# TASK BRIEF
Copy every line from the records below that carries the word "finite".
───── MATERIAL SUPPLIED ─────
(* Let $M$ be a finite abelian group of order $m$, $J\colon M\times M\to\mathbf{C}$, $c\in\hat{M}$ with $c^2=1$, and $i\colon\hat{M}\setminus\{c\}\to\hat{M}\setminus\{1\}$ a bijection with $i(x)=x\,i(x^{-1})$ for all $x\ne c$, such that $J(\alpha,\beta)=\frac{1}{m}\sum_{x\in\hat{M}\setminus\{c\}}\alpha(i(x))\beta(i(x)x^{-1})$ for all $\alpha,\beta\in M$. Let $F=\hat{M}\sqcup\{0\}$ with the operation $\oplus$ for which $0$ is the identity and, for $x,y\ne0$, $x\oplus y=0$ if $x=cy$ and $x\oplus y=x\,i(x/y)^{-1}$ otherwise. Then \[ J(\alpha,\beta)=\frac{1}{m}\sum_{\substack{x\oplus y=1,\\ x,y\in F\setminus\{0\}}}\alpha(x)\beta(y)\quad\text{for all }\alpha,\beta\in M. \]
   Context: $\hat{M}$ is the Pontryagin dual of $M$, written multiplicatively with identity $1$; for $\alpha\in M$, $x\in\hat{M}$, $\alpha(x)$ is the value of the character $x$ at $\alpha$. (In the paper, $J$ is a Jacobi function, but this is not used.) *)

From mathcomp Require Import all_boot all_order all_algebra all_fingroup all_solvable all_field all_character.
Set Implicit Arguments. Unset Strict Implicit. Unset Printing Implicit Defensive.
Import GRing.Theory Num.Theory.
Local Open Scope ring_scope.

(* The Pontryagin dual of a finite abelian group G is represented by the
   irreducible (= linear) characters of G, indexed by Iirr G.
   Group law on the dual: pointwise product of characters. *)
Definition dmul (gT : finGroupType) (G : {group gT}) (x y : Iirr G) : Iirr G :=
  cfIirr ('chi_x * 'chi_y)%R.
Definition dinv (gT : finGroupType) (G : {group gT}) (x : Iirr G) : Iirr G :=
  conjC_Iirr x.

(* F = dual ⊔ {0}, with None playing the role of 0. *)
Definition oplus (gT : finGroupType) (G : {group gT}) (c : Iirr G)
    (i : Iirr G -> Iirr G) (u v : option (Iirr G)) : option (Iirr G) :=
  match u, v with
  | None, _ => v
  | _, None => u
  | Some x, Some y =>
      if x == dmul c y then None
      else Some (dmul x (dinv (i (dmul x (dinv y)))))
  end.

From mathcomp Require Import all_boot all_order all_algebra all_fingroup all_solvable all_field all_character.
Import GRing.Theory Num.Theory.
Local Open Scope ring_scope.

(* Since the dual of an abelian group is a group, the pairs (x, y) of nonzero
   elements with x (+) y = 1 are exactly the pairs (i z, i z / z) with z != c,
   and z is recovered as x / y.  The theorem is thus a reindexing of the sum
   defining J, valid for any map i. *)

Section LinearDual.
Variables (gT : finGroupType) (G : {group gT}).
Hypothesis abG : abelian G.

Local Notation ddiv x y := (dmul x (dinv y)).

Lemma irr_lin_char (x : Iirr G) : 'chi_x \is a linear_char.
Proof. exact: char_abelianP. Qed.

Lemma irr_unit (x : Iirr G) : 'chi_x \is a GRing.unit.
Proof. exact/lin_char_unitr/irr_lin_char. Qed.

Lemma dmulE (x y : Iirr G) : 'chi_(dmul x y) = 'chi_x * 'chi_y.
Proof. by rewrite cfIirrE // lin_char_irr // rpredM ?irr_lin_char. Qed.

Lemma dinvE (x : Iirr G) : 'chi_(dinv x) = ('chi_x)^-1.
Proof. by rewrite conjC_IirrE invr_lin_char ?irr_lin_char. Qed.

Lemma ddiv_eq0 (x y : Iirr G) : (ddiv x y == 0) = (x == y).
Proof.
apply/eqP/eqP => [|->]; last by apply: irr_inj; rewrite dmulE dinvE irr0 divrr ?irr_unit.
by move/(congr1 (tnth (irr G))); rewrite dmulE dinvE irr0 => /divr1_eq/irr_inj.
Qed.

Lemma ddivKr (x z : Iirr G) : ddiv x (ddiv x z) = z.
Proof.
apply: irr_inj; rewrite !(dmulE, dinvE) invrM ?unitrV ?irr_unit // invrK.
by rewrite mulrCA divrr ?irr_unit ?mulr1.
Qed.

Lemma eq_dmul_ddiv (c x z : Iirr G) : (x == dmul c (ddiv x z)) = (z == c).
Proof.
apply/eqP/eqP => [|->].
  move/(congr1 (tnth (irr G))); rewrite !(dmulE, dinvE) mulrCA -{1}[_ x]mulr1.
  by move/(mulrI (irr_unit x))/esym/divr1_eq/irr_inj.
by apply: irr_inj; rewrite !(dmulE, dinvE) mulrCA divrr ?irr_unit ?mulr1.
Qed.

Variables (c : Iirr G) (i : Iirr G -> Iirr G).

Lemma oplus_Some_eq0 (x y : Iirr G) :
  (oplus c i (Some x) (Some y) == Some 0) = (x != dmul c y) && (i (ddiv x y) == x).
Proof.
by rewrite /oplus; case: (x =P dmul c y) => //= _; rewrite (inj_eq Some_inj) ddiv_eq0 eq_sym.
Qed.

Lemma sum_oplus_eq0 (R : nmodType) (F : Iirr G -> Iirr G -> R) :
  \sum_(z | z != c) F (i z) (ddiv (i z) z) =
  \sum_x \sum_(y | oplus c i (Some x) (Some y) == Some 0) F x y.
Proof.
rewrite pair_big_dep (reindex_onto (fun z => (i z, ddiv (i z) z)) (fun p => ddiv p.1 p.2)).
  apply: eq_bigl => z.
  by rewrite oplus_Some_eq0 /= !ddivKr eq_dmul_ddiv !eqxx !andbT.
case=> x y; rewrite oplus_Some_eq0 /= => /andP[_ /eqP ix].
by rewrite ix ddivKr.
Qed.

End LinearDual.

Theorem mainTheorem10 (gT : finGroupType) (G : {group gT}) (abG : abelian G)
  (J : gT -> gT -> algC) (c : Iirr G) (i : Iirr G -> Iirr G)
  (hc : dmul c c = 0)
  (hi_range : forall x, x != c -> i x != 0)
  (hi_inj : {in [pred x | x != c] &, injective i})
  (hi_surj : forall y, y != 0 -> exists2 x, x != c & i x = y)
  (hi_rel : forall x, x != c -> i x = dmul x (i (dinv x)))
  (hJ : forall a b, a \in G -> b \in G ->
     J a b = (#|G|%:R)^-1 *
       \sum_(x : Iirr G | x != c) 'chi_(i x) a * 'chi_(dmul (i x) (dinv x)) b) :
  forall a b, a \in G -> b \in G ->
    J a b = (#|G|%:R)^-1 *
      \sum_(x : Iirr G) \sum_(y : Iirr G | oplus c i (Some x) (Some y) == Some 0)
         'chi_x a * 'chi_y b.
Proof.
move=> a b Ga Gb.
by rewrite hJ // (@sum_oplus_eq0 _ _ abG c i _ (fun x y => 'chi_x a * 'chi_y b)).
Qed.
─────
# SOLUTION BELOW
(* Let $M$ be a finite abelian group of order $m$, $J\colon M\times M\to\mathbf{C}$, $c\in\hat{M}$ with $c^2=1$, and $i\colon\hat{M}\setminus\{c\}\to\hat{M}\setminus\{1\}$ a bijection with $i(x)=x\,i(x^{-1})$ for all $x\ne c$, such that $J(\alpha,\beta)=\frac{1}{m}\sum_{x\in\hat{M}\setminus\{c\}}\alpha(i(x))\beta(i(x)x^{-1})$ for all $\alpha,\beta\in M$. Let $F=\hat{M}\sqcup\{0\}$ with the operation $\oplus$ for which $0$ is the identity and, for $x,y\ne0$, $x\oplus y=0$ if $x=cy$ and $x\oplus y=x\,i(x/y)^{-1}$ otherwise. Then \[ J(\alpha,\beta)=\frac{1}{m}\sum_{\substack{x\oplus y=1,\\ x,y\in F\setminus\{0\}}}\alpha(x)\beta(y)\quad\text{for all }\alpha,\beta\in M. \]
(* The Pontryagin dual of a finite abelian group G is represented by the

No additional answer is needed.